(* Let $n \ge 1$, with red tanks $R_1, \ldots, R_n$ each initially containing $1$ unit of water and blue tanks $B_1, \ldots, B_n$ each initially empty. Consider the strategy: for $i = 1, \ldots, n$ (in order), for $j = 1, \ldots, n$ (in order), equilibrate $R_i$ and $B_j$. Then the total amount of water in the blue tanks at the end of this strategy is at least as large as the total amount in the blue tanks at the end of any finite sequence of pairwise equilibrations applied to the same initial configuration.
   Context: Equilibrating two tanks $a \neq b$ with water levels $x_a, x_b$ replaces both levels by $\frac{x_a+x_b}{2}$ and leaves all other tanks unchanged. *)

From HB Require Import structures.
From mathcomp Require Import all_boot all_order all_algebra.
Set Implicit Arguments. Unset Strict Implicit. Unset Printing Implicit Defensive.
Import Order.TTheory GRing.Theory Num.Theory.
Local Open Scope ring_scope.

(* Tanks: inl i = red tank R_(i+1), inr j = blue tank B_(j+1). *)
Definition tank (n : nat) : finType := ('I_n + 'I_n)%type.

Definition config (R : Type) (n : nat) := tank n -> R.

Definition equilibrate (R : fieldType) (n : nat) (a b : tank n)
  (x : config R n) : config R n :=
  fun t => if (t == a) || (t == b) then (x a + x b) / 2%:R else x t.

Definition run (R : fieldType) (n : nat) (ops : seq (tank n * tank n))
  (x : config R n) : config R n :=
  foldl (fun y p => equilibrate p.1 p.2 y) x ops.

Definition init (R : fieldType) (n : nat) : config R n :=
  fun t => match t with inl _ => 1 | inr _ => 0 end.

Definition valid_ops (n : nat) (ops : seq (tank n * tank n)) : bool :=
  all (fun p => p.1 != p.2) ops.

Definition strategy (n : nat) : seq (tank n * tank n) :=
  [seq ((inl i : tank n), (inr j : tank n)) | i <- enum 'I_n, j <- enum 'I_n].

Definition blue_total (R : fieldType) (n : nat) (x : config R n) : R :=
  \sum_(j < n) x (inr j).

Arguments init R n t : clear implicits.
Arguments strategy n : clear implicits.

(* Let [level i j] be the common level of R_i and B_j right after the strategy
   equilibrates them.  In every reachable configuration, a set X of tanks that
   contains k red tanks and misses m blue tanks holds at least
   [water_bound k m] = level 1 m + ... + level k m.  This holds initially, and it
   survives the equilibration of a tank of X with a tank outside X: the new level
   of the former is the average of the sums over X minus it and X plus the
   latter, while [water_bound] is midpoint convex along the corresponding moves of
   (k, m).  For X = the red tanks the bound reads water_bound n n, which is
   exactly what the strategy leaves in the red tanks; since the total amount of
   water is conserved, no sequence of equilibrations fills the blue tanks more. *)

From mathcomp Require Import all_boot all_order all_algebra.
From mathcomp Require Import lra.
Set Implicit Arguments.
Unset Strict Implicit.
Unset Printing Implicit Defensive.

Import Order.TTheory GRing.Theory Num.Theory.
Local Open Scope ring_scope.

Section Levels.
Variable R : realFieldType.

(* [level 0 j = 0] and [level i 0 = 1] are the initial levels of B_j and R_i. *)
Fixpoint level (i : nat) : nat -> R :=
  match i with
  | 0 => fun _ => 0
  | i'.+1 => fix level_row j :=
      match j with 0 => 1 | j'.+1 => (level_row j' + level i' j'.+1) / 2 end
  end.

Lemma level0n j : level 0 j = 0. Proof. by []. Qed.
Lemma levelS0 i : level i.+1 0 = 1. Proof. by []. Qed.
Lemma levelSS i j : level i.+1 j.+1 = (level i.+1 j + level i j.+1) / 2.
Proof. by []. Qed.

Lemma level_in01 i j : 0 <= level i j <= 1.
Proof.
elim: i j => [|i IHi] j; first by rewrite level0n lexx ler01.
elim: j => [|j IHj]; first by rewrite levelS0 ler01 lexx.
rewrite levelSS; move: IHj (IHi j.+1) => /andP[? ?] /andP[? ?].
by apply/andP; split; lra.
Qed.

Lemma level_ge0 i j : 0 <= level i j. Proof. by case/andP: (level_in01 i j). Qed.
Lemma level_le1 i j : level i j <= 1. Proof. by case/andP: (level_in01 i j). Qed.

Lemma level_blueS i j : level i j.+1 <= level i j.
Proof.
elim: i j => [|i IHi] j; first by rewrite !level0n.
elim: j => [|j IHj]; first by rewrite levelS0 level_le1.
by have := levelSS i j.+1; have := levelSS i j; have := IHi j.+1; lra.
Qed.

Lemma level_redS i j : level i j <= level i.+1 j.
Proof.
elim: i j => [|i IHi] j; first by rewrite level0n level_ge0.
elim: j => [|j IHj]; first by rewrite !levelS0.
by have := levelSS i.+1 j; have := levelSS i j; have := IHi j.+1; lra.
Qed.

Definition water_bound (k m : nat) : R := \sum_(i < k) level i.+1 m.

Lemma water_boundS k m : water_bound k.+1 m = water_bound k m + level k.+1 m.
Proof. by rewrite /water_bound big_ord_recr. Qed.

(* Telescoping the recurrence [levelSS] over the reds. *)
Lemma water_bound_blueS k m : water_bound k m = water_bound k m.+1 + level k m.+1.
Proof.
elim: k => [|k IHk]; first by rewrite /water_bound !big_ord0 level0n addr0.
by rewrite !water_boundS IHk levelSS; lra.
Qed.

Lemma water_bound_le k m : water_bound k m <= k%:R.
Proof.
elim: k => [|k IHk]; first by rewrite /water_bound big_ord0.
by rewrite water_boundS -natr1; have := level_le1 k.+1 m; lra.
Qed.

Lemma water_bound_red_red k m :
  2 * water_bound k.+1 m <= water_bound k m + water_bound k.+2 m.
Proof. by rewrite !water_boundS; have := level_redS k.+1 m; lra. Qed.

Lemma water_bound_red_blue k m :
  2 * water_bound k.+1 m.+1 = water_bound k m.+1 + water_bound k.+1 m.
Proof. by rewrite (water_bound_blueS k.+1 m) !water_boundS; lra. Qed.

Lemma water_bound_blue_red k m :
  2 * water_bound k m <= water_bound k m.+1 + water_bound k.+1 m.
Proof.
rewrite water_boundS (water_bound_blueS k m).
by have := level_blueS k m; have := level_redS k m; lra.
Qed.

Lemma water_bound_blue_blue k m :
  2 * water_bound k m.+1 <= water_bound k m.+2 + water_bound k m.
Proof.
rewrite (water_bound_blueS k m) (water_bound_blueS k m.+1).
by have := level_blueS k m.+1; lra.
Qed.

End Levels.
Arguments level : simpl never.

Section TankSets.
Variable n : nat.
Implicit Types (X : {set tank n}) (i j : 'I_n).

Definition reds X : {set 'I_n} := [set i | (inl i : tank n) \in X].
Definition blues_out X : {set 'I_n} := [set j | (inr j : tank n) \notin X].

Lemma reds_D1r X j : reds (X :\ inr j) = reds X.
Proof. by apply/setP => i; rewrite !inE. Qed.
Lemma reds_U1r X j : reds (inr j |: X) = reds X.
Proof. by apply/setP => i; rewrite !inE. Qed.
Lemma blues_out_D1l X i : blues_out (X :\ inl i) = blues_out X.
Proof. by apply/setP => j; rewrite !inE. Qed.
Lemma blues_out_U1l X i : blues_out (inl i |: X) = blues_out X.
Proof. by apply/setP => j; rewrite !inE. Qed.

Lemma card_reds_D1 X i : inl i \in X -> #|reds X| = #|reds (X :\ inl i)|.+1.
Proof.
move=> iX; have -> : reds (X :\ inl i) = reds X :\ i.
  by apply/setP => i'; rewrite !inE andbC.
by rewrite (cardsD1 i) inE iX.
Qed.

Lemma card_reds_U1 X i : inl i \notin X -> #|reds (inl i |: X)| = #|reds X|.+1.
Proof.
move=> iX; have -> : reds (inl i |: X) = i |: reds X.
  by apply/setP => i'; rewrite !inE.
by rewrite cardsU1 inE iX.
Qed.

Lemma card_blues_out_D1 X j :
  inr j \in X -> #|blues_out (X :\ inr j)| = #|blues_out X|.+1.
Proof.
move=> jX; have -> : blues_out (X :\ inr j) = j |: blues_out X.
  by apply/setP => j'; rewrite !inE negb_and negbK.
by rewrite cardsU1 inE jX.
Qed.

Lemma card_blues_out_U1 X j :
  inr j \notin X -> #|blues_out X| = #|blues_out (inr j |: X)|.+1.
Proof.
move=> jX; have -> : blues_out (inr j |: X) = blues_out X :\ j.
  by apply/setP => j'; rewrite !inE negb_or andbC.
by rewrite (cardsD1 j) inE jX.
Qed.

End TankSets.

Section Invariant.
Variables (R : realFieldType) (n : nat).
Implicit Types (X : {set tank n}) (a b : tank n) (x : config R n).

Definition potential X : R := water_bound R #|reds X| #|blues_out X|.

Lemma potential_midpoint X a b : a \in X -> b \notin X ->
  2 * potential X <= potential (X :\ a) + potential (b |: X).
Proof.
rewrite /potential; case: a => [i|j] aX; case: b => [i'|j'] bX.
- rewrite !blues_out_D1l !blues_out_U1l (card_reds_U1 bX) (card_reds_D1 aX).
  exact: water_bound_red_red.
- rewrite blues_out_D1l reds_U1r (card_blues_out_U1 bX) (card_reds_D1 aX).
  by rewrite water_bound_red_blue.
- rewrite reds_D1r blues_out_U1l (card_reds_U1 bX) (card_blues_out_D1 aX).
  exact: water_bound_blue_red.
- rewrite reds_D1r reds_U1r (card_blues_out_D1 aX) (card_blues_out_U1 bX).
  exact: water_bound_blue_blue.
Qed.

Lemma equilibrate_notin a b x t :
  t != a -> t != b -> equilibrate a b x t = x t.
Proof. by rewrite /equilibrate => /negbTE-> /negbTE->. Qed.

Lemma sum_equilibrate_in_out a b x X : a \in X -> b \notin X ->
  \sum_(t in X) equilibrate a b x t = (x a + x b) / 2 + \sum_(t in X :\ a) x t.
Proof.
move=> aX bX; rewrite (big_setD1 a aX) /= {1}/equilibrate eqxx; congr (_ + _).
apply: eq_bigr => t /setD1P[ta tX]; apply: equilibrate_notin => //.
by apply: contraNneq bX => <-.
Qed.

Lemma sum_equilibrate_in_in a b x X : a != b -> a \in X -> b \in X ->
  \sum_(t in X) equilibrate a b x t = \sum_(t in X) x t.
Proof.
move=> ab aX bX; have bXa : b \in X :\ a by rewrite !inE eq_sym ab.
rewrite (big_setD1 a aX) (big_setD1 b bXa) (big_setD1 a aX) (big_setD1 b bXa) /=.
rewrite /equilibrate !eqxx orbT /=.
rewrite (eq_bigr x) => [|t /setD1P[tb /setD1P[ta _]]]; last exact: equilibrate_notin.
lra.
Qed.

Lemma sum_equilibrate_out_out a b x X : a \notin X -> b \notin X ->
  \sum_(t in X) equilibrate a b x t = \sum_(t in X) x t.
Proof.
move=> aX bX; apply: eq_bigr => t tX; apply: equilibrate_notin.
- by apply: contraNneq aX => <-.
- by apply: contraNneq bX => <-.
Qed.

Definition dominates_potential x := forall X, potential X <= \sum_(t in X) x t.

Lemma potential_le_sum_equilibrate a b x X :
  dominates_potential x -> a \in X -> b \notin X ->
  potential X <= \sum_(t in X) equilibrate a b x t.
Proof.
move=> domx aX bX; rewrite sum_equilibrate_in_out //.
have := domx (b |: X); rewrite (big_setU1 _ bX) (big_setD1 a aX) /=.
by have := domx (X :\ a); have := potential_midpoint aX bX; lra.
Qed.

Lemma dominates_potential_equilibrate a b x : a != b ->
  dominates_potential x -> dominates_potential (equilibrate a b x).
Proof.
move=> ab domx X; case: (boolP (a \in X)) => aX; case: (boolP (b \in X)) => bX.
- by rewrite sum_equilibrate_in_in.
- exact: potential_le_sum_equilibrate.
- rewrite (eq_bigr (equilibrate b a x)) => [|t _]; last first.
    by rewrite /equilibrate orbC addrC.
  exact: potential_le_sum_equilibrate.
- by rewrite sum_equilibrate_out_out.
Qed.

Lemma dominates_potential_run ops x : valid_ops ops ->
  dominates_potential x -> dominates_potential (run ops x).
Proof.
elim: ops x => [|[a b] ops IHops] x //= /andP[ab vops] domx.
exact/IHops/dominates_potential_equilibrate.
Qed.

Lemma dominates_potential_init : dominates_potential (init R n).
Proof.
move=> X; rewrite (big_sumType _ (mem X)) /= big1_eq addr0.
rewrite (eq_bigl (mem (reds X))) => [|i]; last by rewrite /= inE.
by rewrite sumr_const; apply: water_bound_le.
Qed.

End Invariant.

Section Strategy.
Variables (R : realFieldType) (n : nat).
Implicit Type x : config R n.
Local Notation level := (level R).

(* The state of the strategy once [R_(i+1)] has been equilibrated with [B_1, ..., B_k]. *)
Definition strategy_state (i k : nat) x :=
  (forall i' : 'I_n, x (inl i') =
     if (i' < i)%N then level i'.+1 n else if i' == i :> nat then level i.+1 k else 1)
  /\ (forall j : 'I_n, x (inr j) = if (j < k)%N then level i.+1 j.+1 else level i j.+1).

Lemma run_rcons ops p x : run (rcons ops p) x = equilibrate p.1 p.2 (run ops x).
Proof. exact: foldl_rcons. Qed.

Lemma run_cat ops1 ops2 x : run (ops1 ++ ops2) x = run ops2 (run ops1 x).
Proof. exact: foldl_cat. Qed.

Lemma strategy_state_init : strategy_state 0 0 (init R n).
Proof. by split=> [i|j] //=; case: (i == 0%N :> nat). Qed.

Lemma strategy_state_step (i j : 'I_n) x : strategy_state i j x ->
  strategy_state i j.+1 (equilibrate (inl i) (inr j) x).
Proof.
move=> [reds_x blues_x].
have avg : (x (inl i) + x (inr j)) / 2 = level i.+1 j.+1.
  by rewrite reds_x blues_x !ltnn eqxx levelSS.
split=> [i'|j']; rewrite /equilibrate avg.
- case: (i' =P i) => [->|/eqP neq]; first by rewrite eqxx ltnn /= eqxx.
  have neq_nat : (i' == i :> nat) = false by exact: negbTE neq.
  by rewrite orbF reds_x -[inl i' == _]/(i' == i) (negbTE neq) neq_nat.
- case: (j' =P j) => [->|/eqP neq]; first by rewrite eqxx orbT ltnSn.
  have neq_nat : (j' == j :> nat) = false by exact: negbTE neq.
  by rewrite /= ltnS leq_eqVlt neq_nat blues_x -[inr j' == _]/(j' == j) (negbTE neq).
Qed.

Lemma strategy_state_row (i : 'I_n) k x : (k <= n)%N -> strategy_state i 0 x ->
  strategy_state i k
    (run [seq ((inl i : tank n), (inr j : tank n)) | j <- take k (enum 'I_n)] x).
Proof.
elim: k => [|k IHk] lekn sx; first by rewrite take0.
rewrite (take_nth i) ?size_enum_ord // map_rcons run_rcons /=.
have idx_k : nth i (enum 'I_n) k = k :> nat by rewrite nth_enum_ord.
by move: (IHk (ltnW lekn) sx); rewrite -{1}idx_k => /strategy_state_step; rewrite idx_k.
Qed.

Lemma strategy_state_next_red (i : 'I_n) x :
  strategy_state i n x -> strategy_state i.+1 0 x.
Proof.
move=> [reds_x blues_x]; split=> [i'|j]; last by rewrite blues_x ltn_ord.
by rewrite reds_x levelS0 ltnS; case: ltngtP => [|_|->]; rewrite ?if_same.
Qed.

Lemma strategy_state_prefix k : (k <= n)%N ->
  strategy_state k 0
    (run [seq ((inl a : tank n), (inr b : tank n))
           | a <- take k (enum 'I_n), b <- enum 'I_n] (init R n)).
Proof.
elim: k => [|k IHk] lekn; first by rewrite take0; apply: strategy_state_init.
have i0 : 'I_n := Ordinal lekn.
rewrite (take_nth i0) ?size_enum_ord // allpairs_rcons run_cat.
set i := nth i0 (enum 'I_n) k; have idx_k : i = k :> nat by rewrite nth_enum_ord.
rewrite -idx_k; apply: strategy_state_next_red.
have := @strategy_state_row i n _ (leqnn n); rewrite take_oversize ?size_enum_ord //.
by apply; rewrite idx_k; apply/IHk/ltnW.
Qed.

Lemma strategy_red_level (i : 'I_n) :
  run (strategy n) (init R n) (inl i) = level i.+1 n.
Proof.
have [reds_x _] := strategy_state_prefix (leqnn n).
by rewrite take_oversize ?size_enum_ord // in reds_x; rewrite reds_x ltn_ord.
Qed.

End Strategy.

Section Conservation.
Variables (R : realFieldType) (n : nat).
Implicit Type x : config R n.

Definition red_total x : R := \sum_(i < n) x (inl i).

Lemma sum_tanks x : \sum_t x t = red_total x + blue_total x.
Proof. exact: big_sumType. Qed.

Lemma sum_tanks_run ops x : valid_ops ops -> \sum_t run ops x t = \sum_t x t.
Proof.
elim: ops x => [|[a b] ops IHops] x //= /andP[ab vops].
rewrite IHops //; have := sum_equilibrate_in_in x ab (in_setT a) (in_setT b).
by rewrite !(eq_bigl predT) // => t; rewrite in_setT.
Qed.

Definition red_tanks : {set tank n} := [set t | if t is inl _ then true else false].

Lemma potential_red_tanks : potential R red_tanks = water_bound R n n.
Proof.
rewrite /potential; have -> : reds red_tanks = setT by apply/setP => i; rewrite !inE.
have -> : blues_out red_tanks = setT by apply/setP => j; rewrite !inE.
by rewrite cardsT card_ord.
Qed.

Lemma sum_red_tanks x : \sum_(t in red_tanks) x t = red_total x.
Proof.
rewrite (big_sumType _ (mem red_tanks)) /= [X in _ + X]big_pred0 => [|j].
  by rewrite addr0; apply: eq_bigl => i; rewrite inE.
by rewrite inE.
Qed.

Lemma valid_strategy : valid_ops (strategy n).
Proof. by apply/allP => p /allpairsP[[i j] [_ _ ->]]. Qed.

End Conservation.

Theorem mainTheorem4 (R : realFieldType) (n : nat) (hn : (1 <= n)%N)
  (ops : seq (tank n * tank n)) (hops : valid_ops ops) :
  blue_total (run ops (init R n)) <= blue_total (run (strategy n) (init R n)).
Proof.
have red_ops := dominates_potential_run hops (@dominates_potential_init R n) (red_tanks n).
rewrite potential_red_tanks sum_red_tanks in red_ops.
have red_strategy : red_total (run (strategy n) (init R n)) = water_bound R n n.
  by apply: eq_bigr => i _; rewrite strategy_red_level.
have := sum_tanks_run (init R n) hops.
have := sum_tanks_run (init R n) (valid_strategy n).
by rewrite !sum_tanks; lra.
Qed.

........

= The task =
Your answer must be every line from the entries that contains the string "initially", copied as it stands.

= Task response =
(* Let $n \ge 1$, with red tanks $R_1, \ldots, R_n$ each initially containing $1$ unit of water and blue tanks $B_1, \ldots, B_n$ each initially empty. Consider the strategy: for $i = 1, \ldots, n$ (in order), for $j = 1, \ldots, n$ (in order), equilibrate $R_i$ and $B_j$. Then the total amount of water in the blue tanks at the end of this strategy is at least as large as the total amount in the blue tanks at the end of any finite sequence of pairwise equilibrations applied to the same initial configuration.
   [water_bound k m] = level 1 m + ... + level k m.  This holds initially, and it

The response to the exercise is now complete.